Calculate the average number of comments ask posts receive by hour created.

Create dataset with only ASK POSTS

In [68]:
ASK_list = []
for row in hacker_list:
    if row[1].lower() in ask_hn:
        ASK_list.append(row)

We convert date to date time, extract hours and create frequency table of created posts per hour. Next we sort them by descending order.
Afterwards we go back and add in number of comments into the loop, as marked by #

In [69]:
import datetime as dt
freq_hourly = {}
num_comments = {}
for row in ASK_list:
    ask_date = row[-1]
    parse_date = dt.datetime.strptime(ask_date, "%m/%d/%Y %H:%M")
    hour = parse_date.strftime('%H')
    if hour in freq_hourly:
        freq_hourly[hour] += 1
        num_comments[hour] += int(row[-3]) #
    else:
        freq_hourly[hour] = 1
        num_comments[hour] = int(row[-3]) #

rank = []
for x in freq_hourly:
    tuple1 = (freq_hourly[x],x)
    rank.append(tuple1)
    rank = sorted(rank,reverse=True)
for x in rank:
    print(f"{x[1]}: {x[0]}")

15: 116
19: 110
21: 109
18: 109
16: 108
14: 107
17: 100
13: 85
20: 80
12: 73
22: 71
23: 68
01: 60
10: 59
11: 58
02: 58
00: 55
03: 54
08: 48
04: 47
05: 46
09: 45
06: 44
07: 34


Most posts are created around 13:00

In [70]:
rank = []
for x in num_comments:
    tuple1 = (num_comments[x],x)
    rank.append(tuple1)
    rank = sorted(rank,reverse=True)
for x in rank:
    print(f"{x[1]}: {x[0]}")

15: 4477
16: 1814
21: 1745
20: 1722
18: 1439
14: 1416
02: 1381
13: 1253
19: 1188
17: 1146
10: 793
12: 687
01: 683
11: 641
23: 543
08: 492
22: 479
05: 464
00: 447
03: 421
06: 397
04: 337
07: 267
09: 251


Most comments come in shortly after at 1400.

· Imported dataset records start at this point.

(* Let $p\in(0,1/2]$, $b=\lfloor 1/p\rfloor$ (so $b\ge2$), and $m\ge1$ an integer. Let $D_U,D_V$ be integers with $m\le D_U\le bm$, $0\le D_V\le bm$, such that $D_U-m$ is an integer multiple of $b-1$ and $D_V$ is an integer multiple of $b$. Consider $$\Phi(x,y)=\sum_{i=1}^m\bigl(1-e^{-p\,y_i}\bigr)\cdot\max\{x_i-1,0\}$$ over integer vectors $x,y\in\{0,1,\dots,b\}^m$ with $\sum_i x_i=D_U$ and $\sum_i y_i=D_V$. Then $\Phi$ has a minimizer $(x^\star,y^\star)$ over this set in which every $x^\star_i\in\{1,b\}$ and every $y^\star_i\in\{0,b\}$. *)

From Stdlib Require Import Reals Lra Lia Arith.
Open Scope R_scope.

(* Vectors in {0..b}^m are represented as functions nat -> nat;
   only the indices 0 .. m-1 are relevant (coordinate i+1 of the paper = index i). *)

Fixpoint rsum (n : nat) (f : nat -> R) : R :=
  match n with
  | O => 0
  | S k => rsum k f + f k
  end.

Fixpoint nsum (n : nat) (f : nat -> nat) : nat :=
  match n with
  | O => 0%nat
  | S k => (nsum k f + f k)%nat
  end.

Definition Phi (p : R) (m : nat) (x y : nat -> nat) : R :=
  rsum m (fun i => (1 - exp (- (p * INR (y i)))) * Rmax (INR (x i) - 1) 0).

Definition feasible (b m DU DV : nat) (x y : nat -> nat) : Prop :=
  (forall i, (i < m)%nat -> (x i <= b)%nat /\ (y i <= b)%nat) /\
  nsum m x = DU /\ nsum m y = DV.

(* Write f_b := 1 - e^{-p b}. By concavity of y |-> 1 - e^{-p y} on [0, b], each summand of Phi
   dominates f_b * (y/b) * max (x - 1, 0), and since (b - x) (1 - y/b) >= 0 this dominates the
   affine function f_b * (x - 1 - (b - 1) (1 - y/b)). Summed over a feasible pair, the affine
   minorant only depends on D_U, D_V and m, so it bounds Phi from below uniformly. Put x = b on
   (D_U - m)/(b - 1) coordinates and y = b on D_V/b coordinates, the two blocks overlapping as
   little as possible: if they are disjoint, Phi = 0; otherwise every coordinate is one of
   (b, 0), (b, b), (1, b), where the minorant is attained, so Phi equals the lower bound. *)
From Stdlib Require Import Reals Arith Lra Lia Psatz.
Open Scope R_scope.

Lemma one_minus_exp_neg_chord s S :
  0 <= s <= S -> 0 < S -> s / S * (1 - exp (- S)) <= 1 - exp (- s).
Proof.
  intros [hs0 hsS] hS.
  set (t := s / S).
  assert (ht : t * S = s) by (unfold t; field; lra).
  assert (ht0 : 0 <= t) by (unfold t; apply Rmult_le_pos; [lra | left; apply Rinv_0_lt_compat; lra]).
  assert (ht1 : t <= 1) by nra.
  assert (hsplit : exp (- S) = exp (s - S) * exp (- s)) by (rewrite <- exp_plus; f_equal; ring).
  assert (hinv : exp s * exp (- s) = 1)
    by (rewrite <- exp_plus, Rplus_opp_r; apply exp_0).
  (* After multiplying by e^s the claim reads (1 - t) e^s + t e^(s - S) >= 1,
     a convex combination of the tangent bounds e^z >= 1 + z at z = s and z = s - S. *)
  pose proof (exp_ineq1_le s).
  pose proof (exp_ineq1_le (s - S)).
  pose proof (exp_pos (- s)).
  assert (1 <= (1 - t) * exp s + t * exp (s - S)) by nra.
  rewrite hsplit. nra.
Qed.

Lemma exp_neg_le_1 z : 0 <= z -> exp (- z) <= 1.
Proof.
  intros [hz | <-].
  - rewrite <- exp_0. left. apply exp_increasing. lra.
  - rewrite Ropp_0, exp_0. lra.
Qed.

Lemma rsum_le n f g : (forall i, (i < n)%nat -> f i <= g i) -> rsum n f <= rsum n g.
Proof.
  induction n as [|n IH]; simpl; intros hfg; [lra|].
  assert (rsum n f <= rsum n g) by (apply IH; intros; apply hfg; lia).
  specialize (hfg n (Nat.lt_succ_diag_r n)). lra.
Qed.

Lemma rsum_ext n f g : (forall i, (i < n)%nat -> f i = g i) -> rsum n f = rsum n g.
Proof.
  induction n as [|n IH]; simpl; intros hfg; [reflexivity|].
  rewrite (hfg n (Nat.lt_succ_diag_r n)), IH; auto.
Qed.

Lemma rsum_const0 n : rsum n (fun _ => 0) = 0.
Proof. induction n; simpl; lra. Qed.

Definition block_vector (k a c : nat) : nat -> nat := fun i => if (i <? k)%nat then a else c.

Lemma nsum_block_vector n k a c :
  nsum n (block_vector k a c) = (Nat.min n k * a + (n - k) * c)%nat.
Proof.
  unfold block_vector.
  induction n as [|n IH]; cbn [nsum]; [reflexivity|].
  rewrite IH. destruct (Nat.ltb_spec n k).
  - rewrite (Nat.min_l n k), (Nat.min_l (S n) k) by lia.
    replace (n - k)%nat with 0%nat by lia. replace (S n - k)%nat with 0%nat by lia. lia.
  - rewrite (Nat.min_r n k), (Nat.min_r (S n) k) by lia.
    replace (S n - k)%nat with (S (n - k)) by lia. lia.
Qed.

Lemma floor_inv_ge_2 p b : 0 < p -> p <= 1 / 2 -> / p < INR b + 1 -> (2 <= b)%nat.
Proof.
  intros hp0 hp1 hb.
  assert (2 <= / p).
  { replace 2 with (/ (1 / 2)) by field. apply Rinv_le_contravar; lra. }
  destruct (le_lt_dec 2 b) as [|hlt]; [assumption|].
  assert (INR b <= 1) by (apply (le_INR b 1); lia). lra.
Qed.

Definition phi_term (p : R) (x y : nat) : R :=
  (1 - exp (- (p * INR y))) * Rmax (INR x - 1) 0.

Definition phi_minorant (p : R) (b x y : nat) : R :=
  (1 - exp (- (p * INR b))) * (INR x - 1 - (INR b - 1) * (1 - INR y / INR b)).

Lemma phi_term_nonneg p x y : 0 <= p -> 0 <= phi_term p x y.
Proof.
  intros hp. unfold phi_term. apply Rmult_le_pos; [|apply Rmax_r].
  pose proof (exp_neg_le_1 (p * INR y)) as he.
  pose proof (pos_INR y). assert (0 <= p * INR y) by nra. lra.
Qed.

Lemma phi_term_eq0 p x y : (x = 1%nat \/ y = 0%nat) -> phi_term p x y = 0.
Proof.
  unfold phi_term. intros [-> | ->]; simpl.
  - rewrite Rmax_right by lra. ring.
  - rewrite Rmult_0_r, Ropp_0, exp_0. ring.
Qed.

Lemma phi_term_ge_minorant p b x y :
  0 < p -> (1 <= b)%nat -> (x <= b)%nat -> (y <= b)%nat ->
  phi_minorant p b x y <= phi_term p x y.
Proof.
  intros hp hb hx hy. unfold phi_minorant, phi_term.
  apply le_INR in hb, hx, hy. simpl in hb.
  pose proof (pos_INR y) as hy0.
  set (f := 1 - exp (- (p * INR b))).
  set (v := INR y / INR b).
  assert (hf : 0 <= f).
  { unfold f. assert (exp (- (p * INR b)) <= 1) by (apply exp_neg_le_1; nra). lra. }
  assert (hv0 : 0 <= v) by (unfold v; apply Rmult_le_pos; [lra | left; apply Rinv_0_lt_compat; lra]).
  assert (hv1 : v <= 1) by (unfold v; apply (Rmult_le_reg_r (INR b)); [lra | field_simplify; lra]).
  assert (hchord : v * f <= 1 - exp (- (p * INR y))).
  { replace v with (p * INR y / (p * INR b)) by (unfold v; field; lra).
    apply one_minus_exp_neg_chord; nra. }
  destruct x as [|x].
  - simpl. rewrite Rmax_right by lra.
    assert (0 <= f * ((INR b - 1) * (1 - v))) by (apply Rmult_le_pos; nra).
    nra.
  - rewrite S_INR in *. rewrite Rmax_left by (pose proof (pos_INR x); lra).
    replace (INR x + 1 - 1) with (INR x) by ring.
    pose proof (pos_INR x).
    assert (v * f * INR x <= (1 - exp (- (p * INR y))) * INR x) by (apply Rmult_le_compat_r; lra).
    assert (0 <= f * ((INR b - 1 - INR x) * (1 - v))) by (apply Rmult_le_pos; nra).
    nra.
Qed.

Lemma phi_term_eq_minorant p b x y :
  (1 <= b)%nat -> (x = 1%nat \/ x = b) -> (y = 0%nat \/ y = b) -> (x = b \/ y = b) ->
  phi_term p x y = phi_minorant p b x y.
Proof.
  intros hb hx hy hxy. unfold phi_term, phi_minorant.
  assert (hbR : 1 <= INR b) by (apply (le_INR 1); exact hb).
  destruct hx as [-> | ->], hy as [-> | ->]; simpl.
  - destruct hxy as [<- | <-]; [simpl | lia].
    rewrite Rmax_right by lra. field.
  - rewrite Rmax_right by lra. field. lra.
  - rewrite Rmax_left by lra. rewrite Rmult_0_r, Ropp_0, exp_0. field. lra.
  - rewrite Rmax_left by lra. field. lra.
Qed.

Definition Phi_lower_bound (p : R) (b m DU DV : nat) : R :=
  (1 - exp (- (p * INR b))) *
  (INR DU - INR m - (INR b - 1) * (INR m - INR DV / INR b)).

Lemma rsum_phi_minorant p b m x y :
  rsum m (fun i => phi_minorant p b (x i) (y i)) = Phi_lower_bound p b m (nsum m x) (nsum m y).
Proof.
  unfold phi_minorant, Phi_lower_bound.
  induction m as [|m IH]; cbn [rsum nsum].
  - simpl. unfold Rdiv. ring.
  - rewrite IH, !plus_INR, S_INR. unfold Rdiv. ring.
Qed.

Lemma Phi_ge_lower_bound p b m DU DV x y :
  0 < p -> (1 <= b)%nat -> feasible b m DU DV x y ->
  Phi_lower_bound p b m DU DV <= Phi p m x y.
Proof.
  intros hp hb [hbox [hDU hDV]].
  rewrite <- hDU, <- hDV, <- rsum_phi_minorant.
  apply rsum_le. intros i hi. destruct (hbox i hi).
  apply phi_term_ge_minorant; assumption.
Qed.

Lemma Phi_nonneg p m x y : 0 <= p -> 0 <= Phi p m x y.
Proof.
  intros hp. rewrite <- (rsum_const0 m).
  apply rsum_le. intros i _. apply phi_term_nonneg, hp.
Qed.

Section BlockPair.

Variables (p : R) (b m k l : nat).
Hypotheses (hkm : (k <= m)%nat) (hlm : (l <= m)%nat).

Let xs := block_vector k b 1.
Let ys := block_vector (m - l) 0 b.

Lemma block_pair_feasible : (1 <= b)%nat -> feasible b m (m + k * (b - 1)) (l * b) xs ys.
Proof.
  intros hb. split; [|split].
  - intros i _. unfold xs, ys, block_vector. destruct (i <? k)%nat, (i <? m - l)%nat; lia.
  - unfold xs. rewrite nsum_block_vector, Nat.min_r by lia. nia.
  - unfold ys. rewrite nsum_block_vector, Nat.min_r by lia.
    replace (m - (m - l))%nat with l by lia. lia.
Qed.

Lemma block_pair_extremal i : ((xs i = 1 \/ xs i = b) /\ (ys i = 0 \/ ys i = b))%nat.
Proof. unfold xs, ys, block_vector. destruct (i <? k)%nat, (i <? m - l)%nat; auto. Qed.

Lemma Phi_block_pair_disjoint : (k + l <= m)%nat -> Phi p m xs ys = 0.
Proof.
  intros hdisj. rewrite <- (rsum_const0 m). apply rsum_ext. intros i _.
  apply phi_term_eq0. unfold xs, ys, block_vector.
  destruct (Nat.ltb_spec i k), (Nat.ltb_spec i (m - l)); auto; lia.
Qed.

Lemma Phi_block_pair_overlap :
  (1 <= b)%nat -> (m < k + l)%nat -> Phi p m xs ys = Phi_lower_bound p b m (nsum m xs) (nsum m ys).
Proof.
  intros hb hover. rewrite <- rsum_phi_minorant. apply rsum_ext. intros i _.
  apply phi_term_eq_minorant; [exact hb | apply block_pair_extremal | apply block_pair_extremal |].
  unfold xs, ys, block_vector.
  destruct (Nat.ltb_spec i k), (Nat.ltb_spec i (m - l)); auto; lia.
Qed.

End BlockPair.

Theorem mainTheorem9 (p : R) (b m DU DV : nat)
  (hp0 : 0 < p) (hp1 : p <= 1 / 2)
  (hb : INR b <= / p < INR b + 1)          (* b = floor (1/p) *)
  (hm : (1 <= m)%nat)
  (hDU : (m <= DU <= b * m)%nat)
  (hDV : (DV <= b * m)%nat)
  (hDUdiv : Nat.divide (b - 1) (DU - m))
  (hDVdiv : Nat.divide b DV) :
  exists xs ys : nat -> nat,
    feasible b m DU DV xs ys /\
    (forall i, (i < m)%nat -> (xs i = 1%nat \/ xs i = b) /\ (ys i = 0%nat \/ ys i = b)) /\
    (forall x y : nat -> nat, feasible b m DU DV x y -> Phi p m xs ys <= Phi p m x y).
Proof.
  pose proof (floor_inv_ge_2 p b hp0 hp1 (proj2 hb)) as hb2.
  destruct hDUdiv as [k hk], hDVdiv as [l hl].
  assert (hkm : (k <= m)%nat) by nia.
  assert (hlm : (l <= m)%nat) by nia.
  replace DU with (m + k * (b - 1))%nat in * by lia. subst DV.
  pose proof (block_pair_feasible b m k l hkm hlm ltac:(lia)) as hfeas.
  exists (block_vector k b 1), (block_vector (m - l) 0 b).
  split; [exact hfeas | split; [intros i _; apply block_pair_extremal |]].
  intros x y hxy.
  destruct (le_lt_dec (k + l) m) as [hdisj | hover].
  - rewrite Phi_block_pair_disjoint by assumption. apply Phi_nonneg. lra.
  - destruct hfeas as (_ & hsx & hsy).
    rewrite Phi_block_pair_overlap, hsx, hsy by (assumption || lia).
    apply Phi_ge_lower_bound; [assumption | lia | exact hxy].
Qed.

#### Calculate the avg number of comments per post breakdown by hour of the day

In [73]:
avg = {}
for x in freq_hourly:
    avg[x] = round(num_comments[x] / freq_hourly[x],2)

rank = []
for x in avg:
    tuple1 = (avg[x],x)
    rank.append(tuple1)
    rank = sorted(rank,reverse=True)
for x in rank[:5]:
    print(f"{x[1]}: {x[0]}")

15: 38.59
02: 23.81
20: 21.52
16: 16.8
21: 16.01


It appears the top 5 hours of the day to post questions to maximize comment response would be in the times listed above.

#### Conclusion <a class='anchor' id='7'></a>

In this project, we have performed some basic data analysis functions in Python utilizing lists, dictionaries, and tuples.